• [Work to complete]: Please keep to the lines below from the one with "rewrite (Hker _" through the one with "Local Notation HBA := (prod_linear_on B A).", and restate them word for word, ends included.

################

Lemma app_ran_shift x : ran_shift DBA fBA lam x -> dom A x -> ran_shift DAB fAB lam (app A x).
Proof.
  intros [u [[Hu1 Hu2] Eu]] Hx. unfold fBA, prod_app in Eu.
  assert (E : app B (app A u) = vadd x (vscal lam u)) by (rewrite <- Eu; vring).
  exists (app A u). split.
  - split; auto. rewrite E. apply dom_add; auto. apply dom_scal; auto.
  - unfold fAB, prod_app. rewrite E, app_add, app_scal; auto. { vring. } apply dom_scal; auto.
Qed.

(* The preimage is [lam^-1 (B w - x)] where [(AB - lam) w = A x]. *)
Lemma ran_shift_of_app x : dom A x -> ran_shift DAB fAB lam (app A x) -> ran_shift DBA fBA lam x.
Proof.
  intros Hx [w [[Hw1 Hw2] Ew]]. unfold fAB, prod_app in Ew.
  pose proof (Cnorm2_neq0 lam hlam).
  set (u := vscal (Cinv lam) (vsub (app B w) x)).
  assert (Hu : dom A u) by (apply dom_scal, dom_vsub; auto).
  assert (Au : app A u = w).
  { unfold u. rewrite app_scal, app_vsub; auto. { rewrite <- Ew. vring. } apply dom_vsub; auto. }
  exists u. split; [split; auto; rewrite Au; auto|].
  unfold fBA, prod_app. rewrite Au. unfold u. vring.
Qed.

Lemma ker_shift_finite_dim_transfer :
  finite_dim_set (ker_shift DBA fBA lam) -> finite_dim_set (ker_shift DAB fAB lam).
Proof.
  intros [vs Hvs].
  destruct (subspace_in_span_basis vs _
              (linear_on_ker_shift_subspace _ _ lam (prod_linear_on B A)) Hvs) as [ks [Hks1 Hks2]].
  exists (map (app A) ks). intros y Hy.
  assert (E : app A (app B y) = vscal lam y) by (destruct Hy as [_ E]; apply vsub_eq0 in E; exact E).
  destruct (in_span_map (dom A) (app A) (dom_0 _ _ A) (dom_add _ _ A) (dom_scal _ _ A)
              (app_add _ _ A) (app_scal _ _ A) ks (app B y)) as [_ H].
  { intros v Hv. apply Hks1 in Hv. destruct Hv as [[Hv _] _]. exact Hv. }
  { apply Hks2, ker_shift_app, Hy. }
  rewrite E in H. rewrite <- (vscal_Cinv_l lam y hlam). apply in_span_vscal, H.
Qed.

Lemma injective_shift_transfer :
  injective_shift DBA fBA lam -> injective_shift DAB fAB lam.
Proof.
  intros H. apply (injective_shift_iff_ker _ _ (prod_linear_on A B)). intros y Hy.
  pose proof (proj1 (injective_shift_iff_ker _ _ (prod_linear_on B A) lam) H) as Hker.
  assert (E : app A (app B y) = vscal lam y) by (destruct Hy as [_ E]; apply vsub_eq0 in E; exact E).
  rewrite (Hker _ (ker_shift_app y Hy)), app_vzero in E.
  rewrite <- (vscal_Cinv_l lam y hlam), <- E. apply vscal_vzero.
Qed.

End Intertwining.

Section ResolventTransfer.
Context {X Y : Banach} (A : LinOp X Y) (B : LinOp Y X) (lam nu : Cplx) (R : X -> X).
Hypothesis hR : inverts_shift (prod_dom B A) (prod_app B A) nu R.

Local Notation DBA := (prod_dom B A).
Local Notation fBA := (prod_app B A).
Local Notation DAB := (prod_dom A B).
Local Notation fAB := (prod_app A B).
Local Notation HBA := (prod_linear_on B A).

Lemma resolvent_dom x : DBA (R x).
Proof. apply (proj1 hR x). Qed.

Lemma resolvent_prod_app x : fBA (R x) = vadd x (vscal nu (R x)).
Proof. rewrite <- (proj2 (proj1 hR x)) at 2. unfold shift. vring. Qed.

Lemma resolvent_shift_comm u : DBA u -> R (shift fBA lam u) = shift fBA lam (R u).
Proof.
  intro Hu. set (v := R u). assert (Hv : DBA v) by apply resolvent_dom.
  set (s := vadd u (vscal (Cadd nu (Copp lam)) v)).
  assert (E1 : shift fBA lam v = s).
  { unfold shift, v. rewrite resolvent_prod_app. fold v. unfold s. vring. }
  assert (Hs : DBA s) by (apply (linear_on_dom_vadd _ _ HBA); [|apply (linear_on_dom_vscal _ _ HBA)]; auto).
  rewrite E1, <- (proj2 hR s Hs). f_equal.
  unfold s. rewrite (shift_vadd _ _ HBA), (shift_vscal _ _ HBA); auto.
  2: apply (linear_on_dom_vscal _ _ HBA); auto.
  unfold v. rewrite (proj2 (proj1 hR u)). unfold shift. vring.
Qed.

################

• [Task output]:
  rewrite (Hker _ (ker_shift_app y Hy)), app_vzero in E.
  rewrite <- (vscal_Cinv_l lam y hlam), <- E. apply vscal_vzero.
Qed.

End Intertwining.

Section ResolventTransfer.
Context {X Y : Banach} (A : LinOp X Y) (B : LinOp Y X) (lam nu : Cplx) (R : X -> X).
Hypothesis hR : inverts_shift (prod_dom B A) (prod_app B A) nu R.

Local Notation DBA := (prod_dom B A).
Local Notation fBA := (prod_app B A).
Local Notation DAB := (prod_dom A B).
Local Notation fAB := (prod_app A B).
Local Notation HBA := (prod_linear_on B A).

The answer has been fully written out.